WHAT THE EXERCISE ASKS => Every line of the data must be retyped exactly as it stands.
--------
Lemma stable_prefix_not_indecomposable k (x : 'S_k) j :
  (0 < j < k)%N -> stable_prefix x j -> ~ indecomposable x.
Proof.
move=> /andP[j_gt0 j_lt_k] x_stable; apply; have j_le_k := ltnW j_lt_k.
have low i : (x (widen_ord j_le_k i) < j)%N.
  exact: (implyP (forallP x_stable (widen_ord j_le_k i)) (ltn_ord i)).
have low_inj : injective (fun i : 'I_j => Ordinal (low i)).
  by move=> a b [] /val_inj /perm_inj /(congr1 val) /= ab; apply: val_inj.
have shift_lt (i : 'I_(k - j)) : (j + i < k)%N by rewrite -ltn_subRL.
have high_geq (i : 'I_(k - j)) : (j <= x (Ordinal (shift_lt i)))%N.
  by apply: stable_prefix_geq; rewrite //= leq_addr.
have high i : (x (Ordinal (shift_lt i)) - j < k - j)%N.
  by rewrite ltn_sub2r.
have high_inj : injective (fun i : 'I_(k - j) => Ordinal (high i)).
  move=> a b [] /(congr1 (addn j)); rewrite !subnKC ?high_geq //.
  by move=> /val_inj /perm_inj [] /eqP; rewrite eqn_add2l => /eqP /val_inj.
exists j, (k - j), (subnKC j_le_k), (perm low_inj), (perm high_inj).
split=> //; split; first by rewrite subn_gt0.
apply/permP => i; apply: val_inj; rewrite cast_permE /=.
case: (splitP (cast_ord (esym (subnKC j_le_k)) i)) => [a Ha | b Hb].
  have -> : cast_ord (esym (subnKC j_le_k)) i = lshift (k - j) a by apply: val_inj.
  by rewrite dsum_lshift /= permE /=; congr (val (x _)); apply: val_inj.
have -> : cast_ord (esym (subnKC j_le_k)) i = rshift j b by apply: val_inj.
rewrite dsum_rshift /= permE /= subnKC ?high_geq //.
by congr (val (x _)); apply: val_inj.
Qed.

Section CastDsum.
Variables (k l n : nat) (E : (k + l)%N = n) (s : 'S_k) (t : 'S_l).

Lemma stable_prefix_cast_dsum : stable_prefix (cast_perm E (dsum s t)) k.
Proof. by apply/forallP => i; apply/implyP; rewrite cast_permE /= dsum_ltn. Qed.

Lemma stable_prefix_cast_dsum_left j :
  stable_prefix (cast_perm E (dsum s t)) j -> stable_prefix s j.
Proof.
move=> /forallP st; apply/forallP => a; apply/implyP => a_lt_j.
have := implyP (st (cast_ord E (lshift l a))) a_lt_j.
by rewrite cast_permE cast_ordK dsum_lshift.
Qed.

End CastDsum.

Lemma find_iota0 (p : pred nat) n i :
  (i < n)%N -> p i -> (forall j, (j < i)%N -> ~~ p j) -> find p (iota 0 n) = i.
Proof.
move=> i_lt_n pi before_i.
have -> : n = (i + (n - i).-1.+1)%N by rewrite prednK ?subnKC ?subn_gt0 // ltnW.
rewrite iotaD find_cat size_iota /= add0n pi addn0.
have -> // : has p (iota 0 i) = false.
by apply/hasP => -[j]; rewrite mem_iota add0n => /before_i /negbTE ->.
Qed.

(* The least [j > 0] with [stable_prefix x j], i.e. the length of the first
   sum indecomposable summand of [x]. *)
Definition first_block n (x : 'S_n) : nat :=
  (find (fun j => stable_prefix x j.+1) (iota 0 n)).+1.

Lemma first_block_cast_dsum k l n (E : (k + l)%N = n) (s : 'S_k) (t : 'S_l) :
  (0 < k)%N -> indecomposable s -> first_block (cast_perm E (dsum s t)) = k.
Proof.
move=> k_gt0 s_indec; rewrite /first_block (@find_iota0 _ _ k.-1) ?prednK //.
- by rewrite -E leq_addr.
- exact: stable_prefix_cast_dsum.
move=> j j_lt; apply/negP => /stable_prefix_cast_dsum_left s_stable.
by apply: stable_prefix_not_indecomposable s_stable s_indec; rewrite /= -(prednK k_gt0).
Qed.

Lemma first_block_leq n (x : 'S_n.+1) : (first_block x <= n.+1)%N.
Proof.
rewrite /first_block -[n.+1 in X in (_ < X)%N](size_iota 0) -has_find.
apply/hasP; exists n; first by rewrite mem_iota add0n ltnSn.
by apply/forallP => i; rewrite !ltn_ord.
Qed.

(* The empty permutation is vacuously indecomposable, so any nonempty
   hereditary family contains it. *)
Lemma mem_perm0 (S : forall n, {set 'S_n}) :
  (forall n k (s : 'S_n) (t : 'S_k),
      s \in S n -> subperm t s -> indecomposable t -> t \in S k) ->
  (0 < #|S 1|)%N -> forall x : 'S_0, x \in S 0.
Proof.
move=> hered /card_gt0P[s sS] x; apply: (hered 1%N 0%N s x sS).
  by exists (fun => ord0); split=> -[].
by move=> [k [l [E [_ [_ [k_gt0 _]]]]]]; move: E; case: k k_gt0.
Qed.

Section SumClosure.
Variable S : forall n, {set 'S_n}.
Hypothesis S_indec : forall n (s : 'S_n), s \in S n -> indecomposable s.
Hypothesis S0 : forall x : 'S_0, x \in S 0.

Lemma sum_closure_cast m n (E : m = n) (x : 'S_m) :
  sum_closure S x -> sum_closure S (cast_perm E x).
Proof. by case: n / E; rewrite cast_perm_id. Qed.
--------
OUTPUT OF THE TASK =>
Lemma stable_prefix_not_indecomposable k (x : 'S_k) j :
  (0 < j < k)%N -> stable_prefix x j -> ~ indecomposable x.
Proof.
move=> /andP[j_gt0 j_lt_k] x_stable; apply; have j_le_k := ltnW j_lt_k.
have low i : (x (widen_ord j_le_k i) < j)%N.
  exact: (implyP (forallP x_stable (widen_ord j_le_k i)) (ltn_ord i)).
have low_inj : injective (fun i : 'I_j => Ordinal (low i)).
  by move=> a b [] /val_inj /perm_inj /(congr1 val) /= ab; apply: val_inj.
have shift_lt (i : 'I_(k - j)) : (j + i < k)%N by rewrite -ltn_subRL.
have high_geq (i : 'I_(k - j)) : (j <= x (Ordinal (shift_lt i)))%N.
  by apply: stable_prefix_geq; rewrite //= leq_addr.
have high i : (x (Ordinal (shift_lt i)) - j < k - j)%N.
  by rewrite ltn_sub2r.
have high_inj : injective (fun i : 'I_(k - j) => Ordinal (high i)).
  move=> a b [] /(congr1 (addn j)); rewrite !subnKC ?high_geq //.
  by move=> /val_inj /perm_inj [] /eqP; rewrite eqn_add2l => /eqP /val_inj.
exists j, (k - j), (subnKC j_le_k), (perm low_inj), (perm high_inj).
split=> //; split; first by rewrite subn_gt0.
apply/permP => i; apply: val_inj; rewrite cast_permE /=.
case: (splitP (cast_ord (esym (subnKC j_le_k)) i)) => [a Ha | b Hb].
  have -> : cast_ord (esym (subnKC j_le_k)) i = lshift (k - j) a by apply: val_inj.
  by rewrite dsum_lshift /= permE /=; congr (val (x _)); apply: val_inj.
have -> : cast_ord (esym (subnKC j_le_k)) i = rshift j b by apply: val_inj.
rewrite dsum_rshift /= permE /= subnKC ?high_geq //.
by congr (val (x _)); apply: val_inj.
Qed.

Section CastDsum.
Variables (k l n : nat) (E : (k + l)%N = n) (s : 'S_k) (t : 'S_l).

Lemma stable_prefix_cast_dsum : stable_prefix (cast_perm E (dsum s t)) k.
Proof. by apply/forallP => i; apply/implyP; rewrite cast_permE /= dsum_ltn. Qed.

Lemma stable_prefix_cast_dsum_left j :
  stable_prefix (cast_perm E (dsum s t)) j -> stable_prefix s j.
Proof.
move=> /forallP st; apply/forallP => a; apply/implyP => a_lt_j.
have := implyP (st (cast_ord E (lshift l a))) a_lt_j.
by rewrite cast_permE cast_ordK dsum_lshift.
Qed.

End CastDsum.

Lemma find_iota0 (p : pred nat) n i :
  (i < n)%N -> p i -> (forall j, (j < i)%N -> ~~ p j) -> find p (iota 0 n) = i.
Proof.
move=> i_lt_n pi before_i.
have -> : n = (i + (n - i).-1.+1)%N by rewrite prednK ?subnKC ?subn_gt0 // ltnW.
rewrite iotaD find_cat size_iota /= add0n pi addn0.
have -> // : has p (iota 0 i) = false.
by apply/hasP => -[j]; rewrite mem_iota add0n => /before_i /negbTE ->.
Qed.

(* The least [j > 0] with [stable_prefix x j], i.e. the length of the first
   sum indecomposable summand of [x]. *)
Definition first_block n (x : 'S_n) : nat :=
  (find (fun j => stable_prefix x j.+1) (iota 0 n)).+1.

Lemma first_block_cast_dsum k l n (E : (k + l)%N = n) (s : 'S_k) (t : 'S_l) :
  (0 < k)%N -> indecomposable s -> first_block (cast_perm E (dsum s t)) = k.
Proof.
move=> k_gt0 s_indec; rewrite /first_block (@find_iota0 _ _ k.-1) ?prednK //.
- by rewrite -E leq_addr.
- exact: stable_prefix_cast_dsum.
move=> j j_lt; apply/negP => /stable_prefix_cast_dsum_left s_stable.
by apply: stable_prefix_not_indecomposable s_stable s_indec; rewrite /= -(prednK k_gt0).
Qed.

Lemma first_block_leq n (x : 'S_n.+1) : (first_block x <= n.+1)%N.
Proof.
rewrite /first_block -[n.+1 in X in (_ < X)%N](size_iota 0) -has_find.
apply/hasP; exists n; first by rewrite mem_iota add0n ltnSn.
by apply/forallP => i; rewrite !ltn_ord.
Qed.

(* The empty permutation is vacuously indecomposable, so any nonempty
   hereditary family contains it. *)
Lemma mem_perm0 (S : forall n, {set 'S_n}) :
  (forall n k (s : 'S_n) (t : 'S_k),
      s \in S n -> subperm t s -> indecomposable t -> t \in S k) ->
  (0 < #|S 1|)%N -> forall x : 'S_0, x \in S 0.
Proof.
move=> hered /card_gt0P[s sS] x; apply: (hered 1%N 0%N s x sS).
  by exists (fun => ord0); split=> -[].
by move=> [k [l [E [_ [_ [k_gt0 _]]]]]]; move: E; case: k k_gt0.
Qed.

Section SumClosure.
Variable S : forall n, {set 'S_n}.
Hypothesis S_indec : forall n (s : 'S_n), s \in S n -> indecomposable s.
Hypothesis S0 : forall x : 'S_0, x \in S 0.

Lemma sum_closure_cast m n (E : m = n) (x : 'S_m) :
  sum_closure S x -> sum_closure S (cast_perm E x).
Proof. by case: n / E; rewrite cast_perm_id. Qed.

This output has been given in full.